Zehn Jahre nach dem Inkrafttreten hat sich das rheinland-pfälzische Transparenzgesetz nach Überzeugung des rheinland-pfälzischen Landesdatenschutzbeauftragten Dieter Kugelmann bewährt. Behörden gingen immer professioneller mit Auskunftsanfragen um, sagte er am Donnerstag in Mainz. Die Zahl der Beschwerden und Beratungen habe allerdings weiter leicht zugenommen. In 284 Fällen vermittelte Kugelmanns Büro 2025 zwischen Antragstellern und Verwaltung.

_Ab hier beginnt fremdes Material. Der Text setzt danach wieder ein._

Let meet : anc a i0 = anc b i0.
Proof. by rewrite /i0; case: ex_minnP => i /eqP. Qed.

Let i0_min n : anc a n = anc b n -> i0 <= n.
Proof. by rewrite /i0; case: ex_minnP => i _ h /eqP /h. Qed.

Let i0_le : i0 <= depth a.
Proof. by apply: i0_min; rewrite {2}depth_ab !anc_depth. Qed.

Let i0_gt0 : 0 < i0.
Proof. by case: (posnP i0) meet => // -> /= E; move: a_neq_b; rewrite E eqxx. Qed.

(* Up from a to the lowest common ancestor at step i0, then down to b. *)
Let h i := if i <= i0 then anc a i else anc b (i0.*2 - i).

Let hl i : i <= i0 -> h i = anc a i.
Proof. by move=> le; rewrite /h le. Qed.

Let hr i : i0 <= i -> h i = anc b (i0.*2 - i).
Proof.
move=> le; rewrite /h; case: leqP => // le2; have -> : i = i0 by lia.
by rewrite meet; congr anc; lia.
Qed.

Let depth_h i : i <= i0.*2 -> depth (h i) = depth a - minn i (i0.*2 - i).
Proof.
move=> le; case: (leqP i i0) => c; first by rewrite hl // depth_anc; congr (_ - _); lia.
by rewrite hr ?depth_anc -?depth_ab; [congr (_ - _)|]; lia.
Qed.

Let h_inj (i j : nat) : i <= i0.*2 -> j <= i0.*2 -> h i = h j -> i = j.
Proof.
move=> ilt jlt eh; have emin : minn i (i0.*2 - i) = minn j (i0.*2 - j).
  by have := depth_h ilt; have := depth_h jlt; rewrite eh; lia.
case: (leqP i i0) => ci; case: (leqP j i0) => cj; try lia.
- have : anc a i = anc b i by rewrite -hl // eh hr; [congr anc|]; lia.
  by move/i0_min; lia.
- have : anc a j = anc b j by rewrite -hl // -eh hr; [congr anc|]; lia.
  by move/i0_min; lia.
Qed.

Lemma path_via_lca : exists p : seq T,
  [/\ uniq (a :: p), path (@sadj T) a p, last a p = b,
      2 <= size p & forall y, y \in a :: p -> depth y <= depth a].
Proof.
have h0 : h 0 = a by rewrite hl.
have hseq : a :: [seq h i | i <- iota 1 i0.*2] = [seq h i | i <- iota 0 i0.*2.+1].
  by rewrite -{1}h0.
exists [seq h i | i <- iota 1 i0.*2]; split.
- rewrite hseq map_inj_in_uniq ?iota_uniq // => i j.
  by rewrite !mem_iota !add0n !ltnS; apply: h_inj.
- rewrite -{1}h0; apply: path_map_iota => i lt; case: (ltnP i i0) => c.
    by rewrite !hl ?(ltnW c) //; apply: adj_anc; lia.
  rewrite !hr 1?sadj_sym; try lia.
  have -> : i0.*2 - i = (i0.*2 - i.+1).+1 by lia.
  by apply: adj_anc; rewrite -depth_ab; lia.
- by rewrite -{1}h0 last_map_iota hr ?subnn //; lia.
- by rewrite size_map size_iota; lia.
- by move=> y; rewrite hseq => /mapP [i]; rewrite mem_iota => lt ->; rewrite depth_h; lia.
Qed.

End PathViaLca.

Lemma depth_adj_neq x y : sadj x y -> depth x != depth y.
Proof.
move=> exy; apply/negP => /eqP E.
have [p [uniq_p path_p last_p size_p _]] := path_via_lca (sadj_neq exy) E.
have size_xp : 3 <= size (x :: p) by [].
by move: (T_acyclic uniq_p size_xp); rewrite /= rcons_path path_p last_p -(sadj_sym x) exy.
Qed.

Lemma parent_unique x y : sadj x y -> (depth y).+1 = depth x -> y = parent x.
Proof.
move=> exy Ey; have nx : x != rho by apply: contra_eqN Ey => /eqP ->; rewrite depth_rho.
have [exp Ep] := parent_spec nx; apply/eqP; apply: contraT => ny.
have Eyp : depth y = depth (parent x) by apply: succn_inj; rewrite Ey Ep.
have [p [uniq_p path_p last_p size_p depth_p]] := path_via_lca ny Eyp.
have x_notin : x \notin y :: p by apply/negP => /depth_p; rewrite -ltnS Ey ltnn.
have uniq_xp : uniq (x :: y :: p) by rewrite cons_uniq x_notin.
have size_xp : 3 <= size (x :: y :: p) by rewrite /= ltnS ltnW.
by move: (T_acyclic uniq_xp size_xp); rewrite /= rcons_path exy path_p last_p -(sadj_sym x) exp.
Qed.

Lemma edge_parent x y : sadj x y ->
  (x != rho /\ y = parent x) \/ (y != rho /\ x = parent y).
Proof.
move=> exy; have eyx : sadj y x by rewrite sadj_sym.
have d1 := depth_adj exy; have d2 := depth_adj eyx.
case: (ltngtP (depth x) (depth y)) (depth_adj_neq exy) => // c _; [right | left]; split.
- by apply: contraTneq c => ->; rewrite depth_rho.
- by apply: parent_unique; lia.
- by apply: contraTneq c => ->; rewrite depth_rho.
- by apply: parent_unique; lia.
Qed.

Lemma connect_ancestor (S : {set T}) u y : u \in S -> (u = rho \/ parent u \notin S) ->
  connect (induced_rel S) u y -> ancestor u y.
Proof.
move=> uS u_root /connectP [p + ->{y}].
elim/last_ind: p => [|p w IH]; first by move=> _; apply: ancestor_refl.
rewrite rcons_path last_rcons; set z := last u p => /andP [/IH anc_z /and3P [e _ wS]].
case: (edge_parent e) => [[nz wz]|[_ zw]]; last first.
  by apply: ancestor_trans anc_z _; exists 1; apply/esym.
case: anc_z => -[|i] /= zu; last by exists i; rewrite wz -ancSr.
by move: nz wS; rewrite wz /z zu; case: u_root => [->|/negP npu _ /npu]; rewrite ?eqxx.
Qed.

Definition top (S : {set T}) : T :=
  if [pick x in S] is Some x0 then [arg min_(x < x0 in S) depth x] else rho.

Section TopOfConnectedSet.
Variable S : {set T}.
Hypothesis S_connected : connected_set S.

Lemma top_spec : top S \in S /\ forall y, y \in S -> depth (top S) <= depth y.
Proof.
rewrite /top; case: pickP => [x0 x0S|]; first by case: arg_minnP.
by case: S_connected => /set0Pn [x xS] _ /(_ x); rewrite xS.
Qed.

Lemma top_in : top S \in S.
Proof. by case: top_spec. Qed.

Lemma top_min y : y \in S -> depth (top S) <= depth y.
Proof. by case: top_spec => _; apply. Qed.

Lemma top_ancestor y : y \in S -> ancestor (top S) y.
Proof.
move=> yS; apply: connect_ancestor top_in _ (S_connected.2 _ _ top_in yS).
case: (eqVneq (top S) rho) => [|nr]; [by left | right].
by apply/negP => /top_min; have [_ <-] := parent_spec nr; rewrite ltnn.
Qed.

Let anc_below_top_in y m i : y \in S -> anc y m = top S -> i <= m -> anc y i \in S.
Proof.
move=> yS top_m; elim: i => [//|i IH] lt; have yiS := IH (ltnW lt).
case: (eqVneq (anc y i) rho) => [E|nr]; first by rewrite ancS E parent_rho -E.
apply: contraT => npar.
have := connect_ancestor yiS (or_intror npar) (S_connected.2 _ _ yiS top_in).
move/ancestor_depth; rewrite -top_m !depth_anc => le.
have : depth (anc y i) = 0 by rewrite depth_anc; lia.
by move/depth0 => E; rewrite E eqxx in nr.
Qed.

Lemma ancestor_in x y : y \in S -> ancestor x y -> depth (top S) <= depth x -> x \in S.
Proof.
move=> yS [i <-{x}] le; have [m top_m] := top_ancestor yS.
case: (leqP i m) => im; first exact: anc_below_top_in top_m im.
move: le; rewrite -top_m !depth_anc => le.
have [-> ym] : anc y i = rho /\ anc y m = rho by split; apply: depth0; rewrite depth_anc; lia.
by rewrite -ym top_m top_in.
Qed.

End TopOfConnectedSet.

End RootedTree.

(** * Weak reachability in tree decompositions *)

Lemma hockey_stick s n : \sum_(0 <= i < n.+1) 'C(s + i, i) = 'C(s + n.+1, n).
Proof.
elim: n => [|n IH]; first by rewrite big_nat1 !bin0.
by rewrite big_nat_recr //= IH [s + n.+2]addnS binS addnC.
Qed.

Vereinzelt komme es noch immer vor, dass Anfragen komplett ignoriert würden, berichtete der Landesbeauftragte. Auch wegen zu Unrecht abgelehnter Auskunftsersuches wurden Behörden gerügt. So verfuhr die Stadt Boppard Kugelmanns Worten zufolge rechtswidrig, als sie einem Petenten Auskünfte zu den städtischen Finanzen verweigerte, weil dieser kein berechtigtes Interesse an den Zahlen habe. Tatsächlich sei für das Gesetz völlig unerheblich, warum etwas angefragt werde. Auch sei nicht entscheidend, ob eine Behörde zuständig für ein Thema sei, sondern lediglich, ob die begehrten Informationen bei ihr vorliegen. „Das ist in der Tat eine Stärke des Transparenzgesetzes“, sagte der Landesbeauftragte.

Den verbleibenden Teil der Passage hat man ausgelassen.